What this blog will intend to do is give me the space and fraction to discuss
the matters that arise in a controlled space, basically a space to argue with
myself. I intend to use this space to discuss the associations surrounding the
sexualisation of female adolescence that will contribute towards my PhD thesis
and creating a practice with this research as its praxis.

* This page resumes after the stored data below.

Lemma companion_apow i : (0 < i < n)%N -> companion c (apow n i) = apow n i.+1.
Proof.
move=> hi; have ni : (n.-1 == i.-1) = false by apply/negbTE; lia.
apply/rowP => -[[|j] hj]; rewrite apowE !mxE !rcoef_apow ni mul0r addr0 /=.
  by have -> : (0 == i)%N = false by apply/negbTE; lia.
have -> : (j < n)%N by lia.
by rewrite andbT (_ : (j == i.-1) = (j.+1 == i)) //; apply/idP/idP => /eqP e; apply/eqP; lia.
Qed.

Lemma companion_apow_last : (0 < n)%N -> companion c (apow n n) = c.
Proof.
move=> n_gt0; have lt_n1n : (n.-1 < n)%N by lia.
apply/rowP => -[[|j] hj]; rewrite !mxE !rcoef_apow eqxx lt_n1n mul1r /= ?add0r //.
by rewrite (_ : (j == n.-1) = false) ?add0r //; apply/negbTE; lia.
Qed.

Lemma apow_companion_exp i : (i < n)%N -> apow n 1 *m M ^+ i = apow n i.+1.
Proof.
elim: i => [|i IHi] lt_in; first by rewrite expr0 mulmx1.
by rewrite exprSr mulmxA IHi ?mul_companion_mx ?companion_apow //; lia.
Qed.

Lemma apow_companion_expn : (0 < n)%N -> apow n 1 *m M ^+ n = c.
Proof.
move=> n_gt0; rewrite -[X in M ^+ X](prednK n_gt0) exprSr mulmxA.
by rewrite apow_companion_exp ?prednK // mul_companion_mx companion_apow_last.
Qed.

(* Cayley-Hamilton for the companion matrix: the relation holds on the cyclic
   vector [apow n 1], hence on every row since the powers of [M] commute. *)
Lemma companion_mx_expn : (0 < n)%N -> M ^+ n = \sum_(i < n) c 0 i *: M ^+ i.
Proof.
move=> n_gt0; have expMD a b : M ^+ a *m M ^+ b = M ^+ (a + b).
  by rewrite mulmxE exprD.
apply/row_matrixP => j; rewrite !rowE.
have -> : delta_mx 0 j = apow n j.+1 by apply/rowP => k; rewrite apowE mxE eqxx.
rewrite -(apow_companion_exp (ltn_ord j)) -mulmxA expMD addnC -expMD mulmxA.
rewrite apow_companion_expn // {1}(row_sum_apow c) mulmx_suml mulmx_sumr.
apply: eq_bigr => i _; rewrite -scalemxAl -scalemxAr; congr (_ *: _).
by rewrite -(apow_companion_exp (ltn_ord i)) -!mulmxA !expMD addnC.
Qed.
Lemma rsat_liminf_le_of_cut_edge e : is_sgraph F -> connected F -> cut_edge F e ->
  rsat_liminf_le F (INR #|V|).
Proof.
move=> sgF connF cut_e eps eps_gt0 N.
have /cards2P [a [b [ab Ee]]] : #|e| == 2 by rewrite sgF //; case: cut_e.
subst e; have Fab : adj F a b by rewrite /adj ab; case: cut_e.
have card_V : #|V| = #|V|.-1.+1 by rewrite prednK // (cardD1 a).
have s_gt0 : 0 < #|V|.-1.
  by rewrite -ltnS -card_V (cardD1 a) (cardD1 b) !inE eq_sym ab.
have satG := clique_union_saturated N.+1 s_gt0 card_V connF ((cut_edge_set2P Fab).1 cut_e).
have [k rsat_k k_le] := is_rsat_exists (clique_union_regular s_gt0) satG.
exists (N.+1 * #|V|.-1), k; split=> //; first by rewrite (leq_trans (leqnSn N)) ?leq_pmulr.
apply: (@Rle_lt_trans _ (INR #|V|.-1)); last by have := le_INR _ _ (leP (leq_pred #|V|)); lra.
apply: ratio_le; first by rewrite muln_gt0.
by rewrite (leq_trans k_le) // (leq_trans (card_clique_union_le _ s_gt0)) // leq_mul2l leq_pred orbT.
Qed.

End RegularSaturationNumber.

Theorem proposition1p2 (V : finType) (F : {set {set V}}) :
  is_sgraph F ->
  (forall m : nat, 1 <= m ->
     (forall e, e \in F -> edge_in_short_cycle F e m.+1) ->
     rsat_Omega F (fun n => Rpower (INR n) (Rplus 1 (Rinv (INR m))))) /\
  (forall r : nat, 1 <= r ->
     (forall e, e \in F -> diam_le (F :\ e) r) ->
     rsat_Omega F (fun n => Rpower (INR n) (Rplus 1 (Rinv (INR r))))) /\
  (connected F ->
     ((exists c : R, rsat_liminf_le F c) <-> (exists e, cut_edge F e))).
Proof.
move=> sgF; split; last split.
- by move=> m m_gt0 /short_cycles_detour_le; apply: rsat_Omega_of_detour.
- move=> r r_gt0 diamF; apply: rsat_Omega_of_detour r_gt0 _ => a b Fab.
  by apply: diamF; case/andP: Fab.
move=> connF; split=> [[c liminf_c] | [e cut_e]].
  apply: NNPP => /no_cut_edge_detour_le detF.
  exact: not_rsat_liminf_le_of_detour detF liminf_c.
by exists (INR #|V|); apply: rsat_liminf_le_of_cut_edge cut_e.
Qed.
Theorem mainTheorem10 (R : realType) (V E : finType) (ends : E -> V * V)
  (w c : E -> R) (F T T' : {set E}) (s : seq E) :
  (* no loops *)
  (forall e, (ends e).1 != (ends e).2) ->
  (* G connected, weights nonnegative, costs positive *)
  connected_on ends [set: V] [set: E] ->
  (forall e, 0 <= w e) ->
  (forall e, 0 < c e) ->
  (* G' = G \ F connected *)
  connected_on ends [set: V] (~: F) ->
  (* T a minimum spanning tree of G with T ∩ F nonempty (t >= 2) *)
  is_mst ends w [set: V] [set: E] T ->
  (2 <= #|T :&: F|.+1)%N ->
  (* T'_cc a minimum spanning tree of G'_cc *)
  is_mst (ends_cc ends T F) w (Vcc ends T F) (~: F) T' ->
  (* s = e'_1, ..., e'_{t-1}: the edges of T'_cc sorted by nondecreasing weight *)
  perm_eq s (enum T') ->
  sorted (fun a b => w a <= w b) s ->
  let B := cost c F in
  let t := #|T :&: F|.+1 in
  let n := #|V| in
  \sum_(p <- run ends T F (fun _ => 0%N) [::] s) cost c (pcut ends w (flat p.1) (w p.2))
    <= 2 * B * log2 (t%:R) /\
  2 * B * log2 (t%:R) <= 2 * B * log2 (n%:R).
Proof.
move=> no_loop _ w_ge0 c_gt0 _ T_mst t_ge2 T'_mst s_perm s_sorted B t n.
have [g0 _] : exists g0, g0 \in T :&: F by apply/card_gt0P.
have card_Vcc : #|Vcc ends T F| = t.
  by rewrite /t -addn1; apply: (card_comps_spanning_tree _ (ends g0).1 T_mst.1).
set r := run ends T F (fun _ => 0%N) [::] s.
have count_le A : A \in Vcc ends T F ->
    (count (fun p : {set {set V}} * E => A \in p.1) r)%:R <= log2 (t%:R : R).
  move=> AV; apply: log2_ge_nat; rewrite -card_Vcc.
  apply: (run_count_bound T'_mst.1 (k := fun _ => 0%N)) => //=.
  - by rewrite (perm_uniq s_perm) enum_uniq.
  - by move=> f; rewrite (perm_mem s_perm) mem_enum.
  - move=> A' _; rewrite /kmax big1_eq card_gt0; apply/set0Pn.
    by exists A'; rewrite inE connect0.
have cost_ge0 : 0 <= B by apply: sumr_ge0 => f _; apply: ltW.
split; last first.
  by rewrite ler_wpM2l ?mulr_ge0 // ler_log2_nat // -card_Vcc leq_imset_card.
have r_cut p : p \in r -> p.1 \subset Vcc ends T F /\ pcut ends w (flat p.1) (w p.2) \subset F.
  by move=> pr; have := run_pcut_subset no_loop T'_mst w_ge0 s_perm s_sorted pr.
apply: le_trans (sum_cost_pcut_le no_loop c_gt0 r_cut) _.
rewrite /B /cost (mulrC 2) -mulrA mulr_suml; apply: ler_sum => f _.
by rewrite ler_pM2l // mulr_natl mulr2n lerD ?count_le ?imset_f.
Qed.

Now to put the PhD into context; the intention of this PhD will be to
compare common tropes that connect the ‘girl’ in the Victorian photographic
archive to the millennial girl in popular media. Questions surrounding this are
to include - What are the consequences for the forms of partialities placed on girls
through these discourses? How have these discourses been contested before? How
do they interpolate and in what way? How are girls sexualised differently
through them? And how are they implicated in the process by which modern
notions of personhood and individuality began to be understood as forms of
identification culturally available to and socially desirable? The aim is that
these discourses participate in the forging of a new relationship between the
Victorian girl and the Millennial girl.

While new forms of gender and its meanings are created through the
forces of this convergence throughout millennial culture, femininity is
concurrently being recoded and reworked along familiar tensions,
contradictions, and ambivalences seen in the Victorian archive (Gonick, 2006).
St. Pierre (2000) outlines, as a method of analysis, analysis is not about
pointing out an error but about looking at how a structure has been
constructed, what holds it together, and what it produces. Thus, I seek to
investigate the contemporary conditions of Girlhood (the Victorian girl) and
Girl Power (the millennial girl)—two seemingly contradictory discourses—to
circulate as powerful postmodern truths about the sexualisation of girls and
girlhood.

This study draws on some adolescent characters from photography,
literature, and film to suggest ways of examining the cultural resonance of
contemporary depictions of adolescence. The mid-19th century was central to the
establishment of psychoanalytic concepts of sexuality and identity that
intertwined the narratives of photography and portraiture (Grant, 2006). The
conversation surrounding the construction of the girl we see in the Victorian
archive in comparison to the commercialisation of her within popular culture
will expose further fields of enquiry that will grant supplementary avenues to
explore throughout a practice. The importance of the use of photographic
practice in the methodology is to use the exact tool that has been used to
present girls to us. By using a camera, we can re-present the findings creating
new avenues of discourses that will be focal to the methodologies used within
this thesis. Ultimately the intention is to rigorously select common findings
such as poses, styling, and composition (as a rough guide) used in photography
and associated media to present the girl to us and take these findings to then
use within the practice elements that can then be explored via new avenues of
display and presentation.

I am hoping that with sharing this journey specifically together
with my photographic and artistic practice you will gain a better and more rounded
understanding of not only the research behind it but the person behind the work.
I have a lived experience of millennial culture and the fabrications of all things
girl from Clueless to the Spice Girls, whom to this day I love more than ever.
Yet the fabrication of my youth has had a detrimental effect on me, and my expectations
of life and I aim to create a practice that embodies the role in which the girl/woman
plays in front and behind the camera.

The next blog posts will be particularly discussions around the
construction of the girl in social and historical constructs with links to
female artists/photographers and archival research.